Many of these perceived hurdles are in fact easily overcome. In Forerunner Foray, André Norton postulated a species that directed the building activity of coral polyps. The solution of water-dwelling lifeforms would be direct-to-biotech, bypassing metal forges. Terrestrial cephalopods are remarkably intelligent and are known to use technology (cetaceans are revenants to water, so their intelligence springs from the same foundation as ours). As for guessing the existence of the stars, a species with sensors in the right bracket of the EM spectrum would rapidly become aware of the overwhelming nearby presence of Jupiter or Saturn. Such species might eventually build starships from tissue, like Farscape’s Moya. Beyond that, the specifics of such species might go a long way towards explaining the over-invoked Fermi Paradox: if they sent signals, they would automatically choose their own waterhole frequency.

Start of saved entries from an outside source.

Lemma reach_q3 u : Lset u -> reachL u q3.
Proof.
  assert (Hhalf : reachL (1/2) q3) by (apply (critical_orbit_reaches_q3 0); lia).
  assert (H1 : forall n, reachL (w1 n) q3) by (intro; eapply reach_trans; [apply w_descends_to_half | exact Hhalf]).
  assert (H3 : forall n, reachL (w3 n) q3)
    by (intro; eapply reach_trans; [apply reach_step; auto using Lset_w3, Lset_w1, tent_w3 | apply H1]).
  assert (Hq2 : reachL q2 q3) by (apply reach_step; auto using Lset_q2, Lset_q3, tent_q2).
  intros [[i [Hi ->]] | [[-> | [n ->]] | [[-> | [n ->]] | [-> | [n ->]]]]].
  - apply critical_orbit_reaches_q3, Hi.
  - eapply reach_trans; [apply reach_step; auto using Lset_q1, Lset_q2, tent_q1 | exact Hq2].
  - apply H1.
  - exact Hq2.
  - eapply reach_trans; [apply reach_step; auto using Lset_w2, Lset_w3, tent_w2 | apply H3].
  - now left.
  - apply H3.
Qed.

Lemma reached_from_w3 v : Lset v -> exists n, reachL (w3 n) v.
Proof.
  assert (Hhalf : reachL (w3 0) (1/2))
    by (rewrite <- w1_0; apply reach_step; auto using Lset_w3, Lset_w1, tent_w3).
  assert (Hcrit : forall i, (i <= S (S (S k)))%nat -> reachL (w3 0) (Nat.iter i (tent l) (1/2))).
  { intros i Hi. induction i as [|i IH]; [exact Hhalf|].
    apply reach_trans with (Nat.iter i (tent l) (1/2)); [apply IH; lia|].
    apply reach_step; [exact Hd | left; exists i; split; [lia | reflexivity] |  | reflexivity].
    destruct (Nat.eq_dec i (S (S k))) as [->|Hne].
    - rewrite critical_orbit_lands. apply Lset_q3.
    - left. exists (S i). split; [lia | reflexivity]. }
  assert (Hq3 : reachL (w3 0) q3) by (rewrite <- critical_orbit_lands; apply Hcrit; lia).
  assert (Hq1 : reachL (w3 0) q1)
    by (eapply reach_trans; [exact Hq3 | apply reach_step; auto using Lset_q3, Lset_q1, tent_q3]).
  intros [[i [Hi ->]] | [[-> | [n ->]] | [[-> | [n ->]] | [-> | [n ->]]]]].
  - exists 0%nat. apply Hcrit. lia.
  - exists 0%nat. exact Hq1.
  - exists n. apply reach_step; auto using Lset_w3, Lset_w1, tent_w3.
  - exists 0%nat. eapply reach_trans; [exact Hq1 | apply reach_step; auto using Lset_q1, Lset_q2, tent_q1].
  - exists (S n). eapply reach_trans; [apply reach_step; auto using Lset_w3, Lset_w1, tent_w3|].
    apply reach_step; auto using Lset_w1, Lset_w2, tent_w1.
  - exists 0%nat. exact Hq3.
  - exists n. now left.
Qed.

Lemma w3_descends j n : reachL (w3 (j + n)) (w3 n).
Proof.
  induction j as [|j IH]; [now left|]. simpl.
  apply reach_trans with (w1 (S (j + n))); [apply reach_step; auto using Lset_w3, Lset_w1, tent_w3|].
  apply reach_trans with (w2 (j + n)); [apply reach_step; auto using Lset_w1, Lset_w2, tent_w1|].
  apply reach_trans with (w3 (j + n)); [apply reach_step; auto using Lset_w2, Lset_w3, tent_w2|].
  exact IH.
Qed.

(* The only non-orbit step: from [q2] jump to [w3 N] instead of [T q2 = q3]. *)
Lemma q3_chains_to_w3 N : Rabs (q3 - w3 N) < d -> chain (tent l) Lset d q3 (w3 N).
Proof.
  intro HN. apply reach_chain with q2 (w3 N).
  - apply reach_trans with q1; apply reach_step; auto using Lset_q3, Lset_q1, Lset_q2, tent_q3, tent_q1.
  - apply chain_jump; [apply Lset_q2 | apply Lset_w3 | rewrite tent_q2; exact HN].
  - now left.
Qed.
End Chains.

Lemma Lset_chain_transitive : internally_chain_transitive (tent l) Lset.
Proof.
  intros x y Hx Hy d Hd.
  destruct (reached_from_w3 d Hd y Hy) as [n Hn].
  pose proof ratio_bounds.
  destruct (cv_geometric q3 (- (dev1 / l)) ratio ltac:(lra) d Hd) as [N HN].
  specialize (HN (N + n)%nat ltac:(lia)). unfold R_dist in HN. rewrite Rabs_minus_sym in HN.
  apply reach_chain with q3 (w3 (N + n)).
  - apply reach_q3; assumption.
  - apply q3_chains_to_w3; [exact Hd | exact HN].
  - eapply reach_trans; [apply (w3_descends d Hd) | exact Hn].
Qed.

(** An orbit accumulating on [crit2] (and on
    [c]) eventually lives in the core [[crit2, crit1]] and comes arbitrarily
    close to [crit2] from the right; [k+1] steps later it is just to the right
    of [q3] (not on [q3], as [c] is in [omega(x)]), and the expansion near the
    periodic orbit pushes it into the window, inside the gap of [L]. *)
Lemma orbit_returns_to_window x :
  omega_limit (tent l) x (1/2) -> omega_limit (tent l) x crit2 ->
  forall N, exists s, (N <= s)%nat /\
    q3 + window / (l * l * l) <= Nat.iter s (tent l) x <= q3 + window.
Proof.
  intros Hhalf Hcrit2 N. pose proof point_order. pose proof window_facts as [Hw0 [Hw1 _]].
  destruct Hl.
  destruct (orbit_enters_core l x ltac:(lra) Hcrit2) as [t0 Hcore].
  assert (Hlk : 0 < l ^ S k) by (apply pow_lt; lra).
  destruct (Hcrit2 (Nat.max N t0) (window / l ^ S k)) as [t [Ht Hclose]].
  { apply Rdiv_lt_0_compat; assumption. }
  specialize (Hcore t ltac:(lia)). fold crit2 in Hcore.
  set (y := Nat.iter t (tent l) x) in *.
  assert (Hh : l ^ S k * (y - crit2) < window).
  { rewrite Rabs_pos_eq in Hclose by lra.
    apply Rmult_lt_compat_l with (r := l ^ S k) in Hclose; [|exact Hlk].
    replace (l ^ S k * (window / l ^ S k)) with window in Hclose by (field; lra). exact Hclose. }
  assert (Hland : Nat.iter (S k + t) (tent l) x = q3 + l ^ S k * (y - crit2)).
  { rewrite Nat.iter_add. fold y. rewrite forward_from_crit2 by (lra || lia).
    rewrite <- Hk. ring. }
  set (p := l ^ S k * (y - crit2)) in *.
  assert (Hpos : 0 < p).
  { destruct (Rle_lt_or_eq_dec 0 p) as [Hp|Hz]; [unfold p; nra | exact Hp |].
    exfalso. apply (landing_on_q3_misses_half x (S k + t)); [|exact Hhalf].
    rewrite Hland, <- Hz. ring. }
  destruct (Pow_x_infinity (l * l * l)) with (b := window / p) as [n Hn].
  { rewrite Rabs_pos_eq; nra. }
  specialize (Hn n (le_n n)). rewrite Rabs_pos_eq in Hn by (apply pow_le; nra).
  apply Rge_le, Rmult_le_compat_l with (r := p) in Hn; [|lra].
  replace (p * (window / p)) with window in Hn by (field; lra).
  destruct (escape_to_window x n (S k + t) p Hland) as [s [Hs Hwin]]; [lra | lra |].
  exists s. split; [lia | exact Hwin].
Qed.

So far, we’ve seen the exteriors of roofed-ocean worlds. Missions have been planned for investigations of interiors, though their launch dates keep slipping further into the future. In the end, our own vaunted ability to see the stars may not avail us if we choose to turn inward, eventually running out of the metals and fuels that keep our window to the universe open. If we do send out exploratory vessels, we have to be extra careful not to mar the worlds we touch, that may harbor their own tinkerers and dreamers. But it’s my fond fantasy that, before my own life sets, we get to hear of filigree manta rays swirling under Europa’s ice to the radio pulse beats of the giant overhead.
Images: Top, the Europa system (NASA/JPL); middle, water, the marvelous solvent; bottom, a manta ray pirouetting in its element (Getty Images).